=== Task to carry out ===
From the records below, transcribe only the lines running from the one with "- apply filter_and;" through the one with "Lemma is_RInt_1_inf_plus (f". Keep both of those end lines.

• • • • • • •

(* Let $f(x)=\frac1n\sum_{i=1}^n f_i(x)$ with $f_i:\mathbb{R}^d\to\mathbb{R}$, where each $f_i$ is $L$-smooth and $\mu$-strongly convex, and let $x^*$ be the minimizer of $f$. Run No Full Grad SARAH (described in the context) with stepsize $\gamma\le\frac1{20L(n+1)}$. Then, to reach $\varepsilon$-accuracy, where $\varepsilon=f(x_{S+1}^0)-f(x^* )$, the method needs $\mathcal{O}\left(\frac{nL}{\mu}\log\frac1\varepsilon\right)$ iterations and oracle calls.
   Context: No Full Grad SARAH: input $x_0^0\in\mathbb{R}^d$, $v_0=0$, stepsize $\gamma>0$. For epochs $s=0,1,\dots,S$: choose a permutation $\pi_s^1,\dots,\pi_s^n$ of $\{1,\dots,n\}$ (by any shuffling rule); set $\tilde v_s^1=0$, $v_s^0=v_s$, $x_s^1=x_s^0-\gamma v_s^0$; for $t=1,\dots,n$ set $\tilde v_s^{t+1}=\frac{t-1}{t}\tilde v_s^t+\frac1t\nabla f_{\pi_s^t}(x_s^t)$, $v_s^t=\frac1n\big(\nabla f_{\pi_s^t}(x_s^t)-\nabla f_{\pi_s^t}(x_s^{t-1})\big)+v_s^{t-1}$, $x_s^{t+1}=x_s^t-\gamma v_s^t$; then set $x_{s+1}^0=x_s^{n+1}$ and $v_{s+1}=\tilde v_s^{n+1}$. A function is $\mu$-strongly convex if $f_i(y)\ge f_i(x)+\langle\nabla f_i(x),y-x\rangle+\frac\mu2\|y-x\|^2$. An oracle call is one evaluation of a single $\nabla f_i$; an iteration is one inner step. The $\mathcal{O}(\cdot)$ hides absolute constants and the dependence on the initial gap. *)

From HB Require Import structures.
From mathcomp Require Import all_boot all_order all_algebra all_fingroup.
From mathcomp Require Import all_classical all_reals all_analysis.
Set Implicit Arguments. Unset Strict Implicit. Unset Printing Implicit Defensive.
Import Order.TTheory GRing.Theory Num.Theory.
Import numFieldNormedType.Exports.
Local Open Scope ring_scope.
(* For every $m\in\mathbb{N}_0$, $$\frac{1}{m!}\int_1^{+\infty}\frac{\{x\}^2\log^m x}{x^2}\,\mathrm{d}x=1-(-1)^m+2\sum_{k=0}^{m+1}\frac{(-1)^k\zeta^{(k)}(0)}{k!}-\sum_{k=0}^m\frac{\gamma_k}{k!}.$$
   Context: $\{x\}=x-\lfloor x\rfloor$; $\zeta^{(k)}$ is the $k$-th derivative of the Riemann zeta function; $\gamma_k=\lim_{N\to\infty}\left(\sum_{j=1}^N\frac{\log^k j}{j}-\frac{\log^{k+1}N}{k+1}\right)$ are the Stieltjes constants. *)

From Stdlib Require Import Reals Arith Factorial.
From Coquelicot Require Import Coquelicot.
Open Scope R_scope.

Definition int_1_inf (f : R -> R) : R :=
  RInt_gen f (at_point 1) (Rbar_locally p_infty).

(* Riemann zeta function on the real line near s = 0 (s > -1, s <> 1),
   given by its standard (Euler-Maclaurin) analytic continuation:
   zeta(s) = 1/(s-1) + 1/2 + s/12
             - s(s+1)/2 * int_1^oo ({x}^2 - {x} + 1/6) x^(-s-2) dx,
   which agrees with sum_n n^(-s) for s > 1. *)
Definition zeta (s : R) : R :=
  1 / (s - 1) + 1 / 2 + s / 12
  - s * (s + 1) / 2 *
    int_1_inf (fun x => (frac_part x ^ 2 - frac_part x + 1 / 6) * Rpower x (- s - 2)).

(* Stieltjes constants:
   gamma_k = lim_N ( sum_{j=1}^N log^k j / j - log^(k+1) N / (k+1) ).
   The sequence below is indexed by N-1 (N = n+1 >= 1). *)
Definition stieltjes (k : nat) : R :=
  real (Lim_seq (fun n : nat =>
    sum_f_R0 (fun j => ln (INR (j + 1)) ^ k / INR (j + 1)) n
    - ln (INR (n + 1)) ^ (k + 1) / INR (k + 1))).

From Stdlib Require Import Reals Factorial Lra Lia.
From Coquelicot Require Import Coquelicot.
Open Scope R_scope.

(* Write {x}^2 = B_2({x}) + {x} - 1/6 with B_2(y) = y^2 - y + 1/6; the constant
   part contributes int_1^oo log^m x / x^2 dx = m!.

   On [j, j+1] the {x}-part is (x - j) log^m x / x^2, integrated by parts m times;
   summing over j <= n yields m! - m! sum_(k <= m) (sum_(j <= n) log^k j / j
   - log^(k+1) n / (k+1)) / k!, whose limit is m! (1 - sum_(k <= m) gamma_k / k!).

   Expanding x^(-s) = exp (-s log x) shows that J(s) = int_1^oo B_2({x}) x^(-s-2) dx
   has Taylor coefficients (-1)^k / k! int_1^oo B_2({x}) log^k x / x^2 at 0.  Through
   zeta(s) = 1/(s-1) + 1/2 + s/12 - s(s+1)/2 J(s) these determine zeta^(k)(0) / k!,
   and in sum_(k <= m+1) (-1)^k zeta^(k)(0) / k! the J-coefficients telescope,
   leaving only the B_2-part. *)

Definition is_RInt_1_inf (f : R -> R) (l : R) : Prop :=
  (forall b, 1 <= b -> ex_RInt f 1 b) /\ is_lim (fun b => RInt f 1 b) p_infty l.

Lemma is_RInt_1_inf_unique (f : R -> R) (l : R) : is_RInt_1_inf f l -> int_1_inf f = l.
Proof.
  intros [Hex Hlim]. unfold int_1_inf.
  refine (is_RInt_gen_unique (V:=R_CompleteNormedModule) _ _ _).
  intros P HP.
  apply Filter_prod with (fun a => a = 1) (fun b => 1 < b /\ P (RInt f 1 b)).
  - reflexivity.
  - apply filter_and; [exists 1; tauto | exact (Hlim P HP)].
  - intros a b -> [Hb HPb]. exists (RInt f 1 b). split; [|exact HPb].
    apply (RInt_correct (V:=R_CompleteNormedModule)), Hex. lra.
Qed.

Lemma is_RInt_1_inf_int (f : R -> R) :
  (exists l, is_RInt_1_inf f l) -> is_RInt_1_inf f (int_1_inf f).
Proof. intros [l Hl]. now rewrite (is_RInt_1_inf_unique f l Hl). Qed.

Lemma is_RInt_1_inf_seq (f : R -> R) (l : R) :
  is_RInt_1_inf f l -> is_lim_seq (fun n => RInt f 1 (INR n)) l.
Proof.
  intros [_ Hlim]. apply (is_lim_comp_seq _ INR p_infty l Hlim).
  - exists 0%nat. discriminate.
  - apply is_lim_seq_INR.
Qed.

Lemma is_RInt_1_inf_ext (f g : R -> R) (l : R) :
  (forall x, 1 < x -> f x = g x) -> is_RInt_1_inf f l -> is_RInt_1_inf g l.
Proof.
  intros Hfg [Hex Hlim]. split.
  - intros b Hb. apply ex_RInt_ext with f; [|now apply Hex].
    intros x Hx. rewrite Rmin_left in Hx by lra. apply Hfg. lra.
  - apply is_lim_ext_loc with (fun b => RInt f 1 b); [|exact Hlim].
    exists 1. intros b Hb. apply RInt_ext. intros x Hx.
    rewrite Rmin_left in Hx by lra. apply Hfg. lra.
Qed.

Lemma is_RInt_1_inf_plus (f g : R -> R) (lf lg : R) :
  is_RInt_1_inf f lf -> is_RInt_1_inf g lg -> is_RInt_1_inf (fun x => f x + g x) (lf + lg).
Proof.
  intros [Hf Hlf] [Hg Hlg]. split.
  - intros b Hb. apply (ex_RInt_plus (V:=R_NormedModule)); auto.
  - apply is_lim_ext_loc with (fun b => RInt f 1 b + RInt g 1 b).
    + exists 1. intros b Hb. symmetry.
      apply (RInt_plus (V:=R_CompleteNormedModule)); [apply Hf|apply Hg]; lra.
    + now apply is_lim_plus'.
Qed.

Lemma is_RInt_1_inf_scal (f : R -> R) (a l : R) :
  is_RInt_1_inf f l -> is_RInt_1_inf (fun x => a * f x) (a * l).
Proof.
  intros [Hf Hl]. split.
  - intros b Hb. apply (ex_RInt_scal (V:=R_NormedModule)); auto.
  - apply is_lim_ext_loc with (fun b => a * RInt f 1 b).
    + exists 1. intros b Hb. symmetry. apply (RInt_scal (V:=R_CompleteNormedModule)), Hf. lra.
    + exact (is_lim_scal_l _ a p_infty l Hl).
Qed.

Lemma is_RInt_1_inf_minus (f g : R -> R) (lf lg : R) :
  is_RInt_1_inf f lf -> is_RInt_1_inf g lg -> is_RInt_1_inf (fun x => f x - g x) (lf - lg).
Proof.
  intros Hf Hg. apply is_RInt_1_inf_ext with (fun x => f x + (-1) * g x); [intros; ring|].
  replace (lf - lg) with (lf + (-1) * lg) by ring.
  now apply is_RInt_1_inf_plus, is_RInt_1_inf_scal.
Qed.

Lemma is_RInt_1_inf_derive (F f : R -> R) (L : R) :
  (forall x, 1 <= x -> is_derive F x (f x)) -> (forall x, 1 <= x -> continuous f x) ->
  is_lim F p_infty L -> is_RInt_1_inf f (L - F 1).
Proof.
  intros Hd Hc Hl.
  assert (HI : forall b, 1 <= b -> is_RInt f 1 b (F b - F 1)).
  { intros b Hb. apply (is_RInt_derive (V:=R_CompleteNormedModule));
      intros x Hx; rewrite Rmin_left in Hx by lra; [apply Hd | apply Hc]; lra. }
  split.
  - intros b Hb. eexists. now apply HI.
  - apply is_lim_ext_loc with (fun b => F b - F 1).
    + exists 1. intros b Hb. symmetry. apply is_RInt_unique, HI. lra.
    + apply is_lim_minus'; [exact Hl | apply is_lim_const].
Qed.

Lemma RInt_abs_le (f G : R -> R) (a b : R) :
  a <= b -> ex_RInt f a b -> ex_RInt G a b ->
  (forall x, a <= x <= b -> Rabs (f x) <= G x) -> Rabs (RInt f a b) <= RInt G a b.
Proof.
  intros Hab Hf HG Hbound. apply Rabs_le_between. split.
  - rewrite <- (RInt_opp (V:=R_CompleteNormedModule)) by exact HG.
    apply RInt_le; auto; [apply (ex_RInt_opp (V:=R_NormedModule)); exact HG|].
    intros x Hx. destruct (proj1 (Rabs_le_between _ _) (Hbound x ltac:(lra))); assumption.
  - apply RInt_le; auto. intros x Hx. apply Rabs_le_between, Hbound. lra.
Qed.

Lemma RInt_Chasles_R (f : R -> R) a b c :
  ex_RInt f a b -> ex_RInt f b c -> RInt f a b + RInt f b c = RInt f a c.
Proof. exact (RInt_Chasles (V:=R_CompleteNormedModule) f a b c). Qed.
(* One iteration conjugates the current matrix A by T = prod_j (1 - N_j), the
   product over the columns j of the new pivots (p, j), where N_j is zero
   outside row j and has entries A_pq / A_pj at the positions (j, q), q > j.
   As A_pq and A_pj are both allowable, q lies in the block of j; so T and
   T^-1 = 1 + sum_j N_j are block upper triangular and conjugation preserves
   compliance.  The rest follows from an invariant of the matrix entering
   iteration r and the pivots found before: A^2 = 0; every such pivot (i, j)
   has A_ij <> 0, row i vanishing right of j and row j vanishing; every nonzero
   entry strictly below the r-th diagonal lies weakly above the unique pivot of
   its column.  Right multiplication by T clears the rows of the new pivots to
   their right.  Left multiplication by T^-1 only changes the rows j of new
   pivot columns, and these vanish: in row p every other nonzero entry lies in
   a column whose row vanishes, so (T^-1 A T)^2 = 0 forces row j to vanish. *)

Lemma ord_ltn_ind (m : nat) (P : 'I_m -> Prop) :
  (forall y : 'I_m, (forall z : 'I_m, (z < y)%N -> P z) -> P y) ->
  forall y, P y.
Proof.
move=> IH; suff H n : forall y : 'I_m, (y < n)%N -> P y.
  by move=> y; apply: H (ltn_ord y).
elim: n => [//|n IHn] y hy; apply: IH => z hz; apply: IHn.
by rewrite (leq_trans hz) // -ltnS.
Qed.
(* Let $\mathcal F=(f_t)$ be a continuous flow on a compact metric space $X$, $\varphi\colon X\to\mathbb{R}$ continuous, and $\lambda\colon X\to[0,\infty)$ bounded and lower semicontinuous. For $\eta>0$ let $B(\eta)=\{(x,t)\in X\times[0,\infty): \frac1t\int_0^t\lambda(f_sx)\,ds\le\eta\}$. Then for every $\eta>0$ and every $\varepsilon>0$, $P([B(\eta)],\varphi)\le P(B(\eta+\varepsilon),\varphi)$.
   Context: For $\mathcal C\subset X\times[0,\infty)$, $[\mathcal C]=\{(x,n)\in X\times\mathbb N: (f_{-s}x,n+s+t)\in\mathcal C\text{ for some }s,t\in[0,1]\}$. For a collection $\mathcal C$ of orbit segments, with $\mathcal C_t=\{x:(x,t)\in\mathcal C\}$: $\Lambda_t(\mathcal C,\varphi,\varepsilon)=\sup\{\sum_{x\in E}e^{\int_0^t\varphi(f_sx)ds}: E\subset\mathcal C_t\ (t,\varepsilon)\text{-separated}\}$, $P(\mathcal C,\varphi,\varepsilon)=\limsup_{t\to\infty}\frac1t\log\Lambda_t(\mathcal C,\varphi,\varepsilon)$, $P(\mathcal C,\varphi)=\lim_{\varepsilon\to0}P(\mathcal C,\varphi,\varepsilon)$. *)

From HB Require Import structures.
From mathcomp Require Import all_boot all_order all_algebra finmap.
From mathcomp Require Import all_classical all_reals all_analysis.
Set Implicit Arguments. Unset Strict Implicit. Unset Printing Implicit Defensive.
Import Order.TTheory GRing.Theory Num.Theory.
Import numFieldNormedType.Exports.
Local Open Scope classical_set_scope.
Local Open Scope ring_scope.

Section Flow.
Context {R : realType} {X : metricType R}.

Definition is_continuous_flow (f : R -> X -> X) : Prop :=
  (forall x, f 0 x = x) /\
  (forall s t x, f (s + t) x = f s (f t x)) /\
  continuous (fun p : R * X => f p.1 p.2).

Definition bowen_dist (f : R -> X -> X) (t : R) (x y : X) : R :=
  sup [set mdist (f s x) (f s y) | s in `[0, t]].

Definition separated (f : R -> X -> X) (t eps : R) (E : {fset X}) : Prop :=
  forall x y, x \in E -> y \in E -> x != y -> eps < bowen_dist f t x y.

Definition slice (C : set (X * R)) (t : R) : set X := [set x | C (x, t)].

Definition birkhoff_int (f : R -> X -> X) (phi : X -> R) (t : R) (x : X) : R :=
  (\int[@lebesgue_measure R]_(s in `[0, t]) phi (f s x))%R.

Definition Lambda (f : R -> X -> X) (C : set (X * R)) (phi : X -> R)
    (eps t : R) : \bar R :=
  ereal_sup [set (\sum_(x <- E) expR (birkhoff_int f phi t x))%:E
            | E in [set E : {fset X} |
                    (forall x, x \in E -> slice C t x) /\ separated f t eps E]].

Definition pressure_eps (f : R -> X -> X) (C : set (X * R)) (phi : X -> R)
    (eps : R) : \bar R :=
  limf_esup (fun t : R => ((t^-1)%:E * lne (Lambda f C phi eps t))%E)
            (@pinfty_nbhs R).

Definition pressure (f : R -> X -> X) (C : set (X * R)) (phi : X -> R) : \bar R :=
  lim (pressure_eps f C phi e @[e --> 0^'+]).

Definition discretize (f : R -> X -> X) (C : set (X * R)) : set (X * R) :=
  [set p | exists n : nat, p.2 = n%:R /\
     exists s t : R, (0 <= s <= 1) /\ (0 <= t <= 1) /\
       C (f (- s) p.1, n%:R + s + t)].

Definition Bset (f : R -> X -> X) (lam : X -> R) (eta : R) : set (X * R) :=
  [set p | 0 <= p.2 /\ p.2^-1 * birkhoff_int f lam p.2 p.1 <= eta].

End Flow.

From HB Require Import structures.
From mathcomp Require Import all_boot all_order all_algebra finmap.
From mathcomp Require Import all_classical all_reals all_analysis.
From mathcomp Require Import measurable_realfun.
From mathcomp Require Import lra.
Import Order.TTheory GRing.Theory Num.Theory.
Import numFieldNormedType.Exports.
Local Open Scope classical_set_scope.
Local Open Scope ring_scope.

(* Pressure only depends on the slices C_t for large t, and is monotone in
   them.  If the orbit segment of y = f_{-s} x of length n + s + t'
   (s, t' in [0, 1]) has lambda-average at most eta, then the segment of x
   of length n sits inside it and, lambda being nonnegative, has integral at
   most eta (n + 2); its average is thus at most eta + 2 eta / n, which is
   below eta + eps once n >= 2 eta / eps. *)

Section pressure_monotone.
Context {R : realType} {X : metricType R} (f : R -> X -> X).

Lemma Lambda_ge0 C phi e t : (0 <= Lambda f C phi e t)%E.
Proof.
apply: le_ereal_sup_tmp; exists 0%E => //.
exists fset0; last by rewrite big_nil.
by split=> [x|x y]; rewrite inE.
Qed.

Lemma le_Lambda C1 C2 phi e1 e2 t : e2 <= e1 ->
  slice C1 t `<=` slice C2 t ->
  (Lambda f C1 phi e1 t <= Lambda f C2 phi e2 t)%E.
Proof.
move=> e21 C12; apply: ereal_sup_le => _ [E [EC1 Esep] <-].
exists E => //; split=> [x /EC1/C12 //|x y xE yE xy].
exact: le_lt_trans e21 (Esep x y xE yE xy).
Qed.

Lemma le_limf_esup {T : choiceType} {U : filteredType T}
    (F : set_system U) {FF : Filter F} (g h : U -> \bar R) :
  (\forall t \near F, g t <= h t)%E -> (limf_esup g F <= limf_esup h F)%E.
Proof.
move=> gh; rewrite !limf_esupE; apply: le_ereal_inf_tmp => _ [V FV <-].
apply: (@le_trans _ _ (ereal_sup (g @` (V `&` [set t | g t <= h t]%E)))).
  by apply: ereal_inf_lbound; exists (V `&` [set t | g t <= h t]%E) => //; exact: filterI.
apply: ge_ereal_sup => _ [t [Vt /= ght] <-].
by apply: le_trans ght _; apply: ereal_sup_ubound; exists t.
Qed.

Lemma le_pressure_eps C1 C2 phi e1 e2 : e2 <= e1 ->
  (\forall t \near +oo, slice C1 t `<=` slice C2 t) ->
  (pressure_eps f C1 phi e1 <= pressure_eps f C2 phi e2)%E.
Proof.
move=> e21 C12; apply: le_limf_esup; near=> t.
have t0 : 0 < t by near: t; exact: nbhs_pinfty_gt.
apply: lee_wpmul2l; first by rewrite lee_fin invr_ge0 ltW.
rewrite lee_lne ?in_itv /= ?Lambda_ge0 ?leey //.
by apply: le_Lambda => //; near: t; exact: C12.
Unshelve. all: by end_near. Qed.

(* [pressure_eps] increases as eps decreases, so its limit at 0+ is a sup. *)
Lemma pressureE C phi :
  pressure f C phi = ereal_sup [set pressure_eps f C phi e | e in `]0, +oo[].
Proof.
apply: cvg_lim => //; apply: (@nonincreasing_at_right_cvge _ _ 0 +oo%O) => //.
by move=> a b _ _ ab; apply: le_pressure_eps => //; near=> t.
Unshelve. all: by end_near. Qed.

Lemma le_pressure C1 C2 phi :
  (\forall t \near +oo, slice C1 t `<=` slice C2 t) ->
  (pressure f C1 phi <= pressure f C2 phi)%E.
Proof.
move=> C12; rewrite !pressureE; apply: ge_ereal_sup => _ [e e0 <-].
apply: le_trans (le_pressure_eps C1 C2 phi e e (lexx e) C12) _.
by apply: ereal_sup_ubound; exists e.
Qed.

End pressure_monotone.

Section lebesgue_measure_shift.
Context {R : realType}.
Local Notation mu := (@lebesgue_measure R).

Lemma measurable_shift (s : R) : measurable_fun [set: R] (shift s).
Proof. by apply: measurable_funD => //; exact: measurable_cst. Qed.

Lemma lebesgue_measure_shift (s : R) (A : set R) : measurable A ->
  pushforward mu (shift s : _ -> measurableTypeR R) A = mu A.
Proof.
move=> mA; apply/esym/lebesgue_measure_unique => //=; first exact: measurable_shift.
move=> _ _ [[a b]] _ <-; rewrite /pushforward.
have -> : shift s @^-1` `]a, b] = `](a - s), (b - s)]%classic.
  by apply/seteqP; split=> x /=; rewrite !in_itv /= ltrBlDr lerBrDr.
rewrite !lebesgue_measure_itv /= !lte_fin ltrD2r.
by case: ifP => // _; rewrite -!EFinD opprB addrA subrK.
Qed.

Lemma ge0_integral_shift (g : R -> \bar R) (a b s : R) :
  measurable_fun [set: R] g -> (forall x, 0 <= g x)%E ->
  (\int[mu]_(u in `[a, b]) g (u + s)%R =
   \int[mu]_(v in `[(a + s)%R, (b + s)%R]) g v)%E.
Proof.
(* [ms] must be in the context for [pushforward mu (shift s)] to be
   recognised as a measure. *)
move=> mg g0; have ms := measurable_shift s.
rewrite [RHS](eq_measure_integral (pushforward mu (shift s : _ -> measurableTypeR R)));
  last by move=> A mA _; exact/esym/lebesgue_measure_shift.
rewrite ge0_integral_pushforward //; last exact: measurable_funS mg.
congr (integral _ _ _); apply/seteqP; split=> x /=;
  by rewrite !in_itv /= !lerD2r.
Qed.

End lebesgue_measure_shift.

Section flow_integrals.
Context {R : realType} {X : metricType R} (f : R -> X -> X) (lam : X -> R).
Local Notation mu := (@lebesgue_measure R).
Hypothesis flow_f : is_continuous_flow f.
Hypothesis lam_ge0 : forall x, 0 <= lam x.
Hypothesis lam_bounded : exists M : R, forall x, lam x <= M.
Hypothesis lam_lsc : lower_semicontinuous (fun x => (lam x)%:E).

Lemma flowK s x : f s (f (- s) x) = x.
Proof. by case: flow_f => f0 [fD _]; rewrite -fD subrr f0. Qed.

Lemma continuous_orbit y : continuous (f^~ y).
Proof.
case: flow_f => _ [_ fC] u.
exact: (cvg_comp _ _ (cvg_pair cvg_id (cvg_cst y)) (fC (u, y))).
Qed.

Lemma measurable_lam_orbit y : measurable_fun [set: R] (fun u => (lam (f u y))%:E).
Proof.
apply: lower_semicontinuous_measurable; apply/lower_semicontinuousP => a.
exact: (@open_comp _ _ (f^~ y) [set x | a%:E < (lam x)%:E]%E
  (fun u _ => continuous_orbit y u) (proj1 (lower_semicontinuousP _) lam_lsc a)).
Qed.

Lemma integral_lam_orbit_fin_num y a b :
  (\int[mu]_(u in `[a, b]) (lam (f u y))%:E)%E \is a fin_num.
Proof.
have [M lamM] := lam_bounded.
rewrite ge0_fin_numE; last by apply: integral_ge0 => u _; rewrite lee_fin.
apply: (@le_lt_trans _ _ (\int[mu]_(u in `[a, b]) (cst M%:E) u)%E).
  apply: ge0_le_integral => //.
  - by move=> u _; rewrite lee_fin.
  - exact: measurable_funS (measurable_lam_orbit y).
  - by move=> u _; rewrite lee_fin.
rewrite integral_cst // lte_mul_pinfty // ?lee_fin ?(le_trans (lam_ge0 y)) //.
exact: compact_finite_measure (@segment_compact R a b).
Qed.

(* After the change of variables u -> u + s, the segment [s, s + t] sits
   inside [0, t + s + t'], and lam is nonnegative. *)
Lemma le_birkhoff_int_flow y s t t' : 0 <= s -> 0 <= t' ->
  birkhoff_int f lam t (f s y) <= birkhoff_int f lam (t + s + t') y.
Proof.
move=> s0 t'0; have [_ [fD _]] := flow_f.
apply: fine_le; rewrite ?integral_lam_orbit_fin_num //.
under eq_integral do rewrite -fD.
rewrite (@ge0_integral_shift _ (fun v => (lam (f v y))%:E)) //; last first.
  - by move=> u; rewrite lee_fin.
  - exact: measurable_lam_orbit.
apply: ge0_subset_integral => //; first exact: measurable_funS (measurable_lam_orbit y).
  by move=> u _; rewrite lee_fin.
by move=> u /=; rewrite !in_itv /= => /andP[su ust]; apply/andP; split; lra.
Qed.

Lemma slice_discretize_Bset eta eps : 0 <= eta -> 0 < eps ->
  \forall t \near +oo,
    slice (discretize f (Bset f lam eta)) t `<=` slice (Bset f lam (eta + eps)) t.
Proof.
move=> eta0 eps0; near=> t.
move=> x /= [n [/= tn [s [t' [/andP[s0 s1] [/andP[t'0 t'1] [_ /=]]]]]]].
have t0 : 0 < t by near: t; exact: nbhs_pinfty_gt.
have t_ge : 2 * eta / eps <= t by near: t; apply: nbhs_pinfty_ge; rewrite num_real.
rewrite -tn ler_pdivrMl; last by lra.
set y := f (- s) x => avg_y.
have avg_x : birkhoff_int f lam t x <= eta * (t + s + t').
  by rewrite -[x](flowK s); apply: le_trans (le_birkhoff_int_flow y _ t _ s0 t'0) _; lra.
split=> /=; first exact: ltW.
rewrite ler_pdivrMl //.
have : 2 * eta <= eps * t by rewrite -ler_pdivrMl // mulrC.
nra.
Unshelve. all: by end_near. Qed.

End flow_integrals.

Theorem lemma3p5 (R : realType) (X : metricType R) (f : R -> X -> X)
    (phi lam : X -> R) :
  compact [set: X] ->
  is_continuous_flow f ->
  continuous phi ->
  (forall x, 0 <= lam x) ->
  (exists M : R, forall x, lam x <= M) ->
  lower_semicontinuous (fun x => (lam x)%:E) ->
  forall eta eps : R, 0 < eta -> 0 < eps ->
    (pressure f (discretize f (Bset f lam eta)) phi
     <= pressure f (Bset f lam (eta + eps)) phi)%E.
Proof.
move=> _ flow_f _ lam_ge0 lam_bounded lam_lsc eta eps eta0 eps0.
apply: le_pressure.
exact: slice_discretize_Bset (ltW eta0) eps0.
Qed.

• • • • • • •

=== Answer to this problem ===
  - apply filter_and; [exists 1; tauto | exact (Hlim P HP)].
  - intros a b -> [Hb HPb]. exists (RInt f 1 b). split; [|exact HPb].
    apply (RInt_correct (V:=R_CompleteNormedModule)), Hex. lra.
Qed.

Lemma is_RInt_1_inf_int (f : R -> R) :
  (exists l, is_RInt_1_inf f l) -> is_RInt_1_inf f (int_1_inf f).
Proof. intros [l Hl]. now rewrite (is_RInt_1_inf_unique f l Hl). Qed.

Lemma is_RInt_1_inf_seq (f : R -> R) (l : R) :
  is_RInt_1_inf f l -> is_lim_seq (fun n => RInt f 1 (INR n)) l.
Proof.
  intros [_ Hlim]. apply (is_lim_comp_seq _ INR p_infty l Hlim).
  - exists 0%nat. discriminate.
  - apply is_lim_seq_INR.
Qed.

Lemma is_RInt_1_inf_ext (f g : R -> R) (l : R) :
  (forall x, 1 < x -> f x = g x) -> is_RInt_1_inf f l -> is_RInt_1_inf g l.
Proof.
  intros Hfg [Hex Hlim]. split.
  - intros b Hb. apply ex_RInt_ext with f; [|now apply Hex].
    intros x Hx. rewrite Rmin_left in Hx by lra. apply Hfg. lra.
  - apply is_lim_ext_loc with (fun b => RInt f 1 b); [|exact Hlim].
    exists 1. intros b Hb. apply RInt_ext. intros x Hx.
    rewrite Rmin_left in Hx by lra. apply Hfg. lra.
Qed.

Lemma is_RInt_1_inf_plus (f g : R -> R) (lf lg : R) :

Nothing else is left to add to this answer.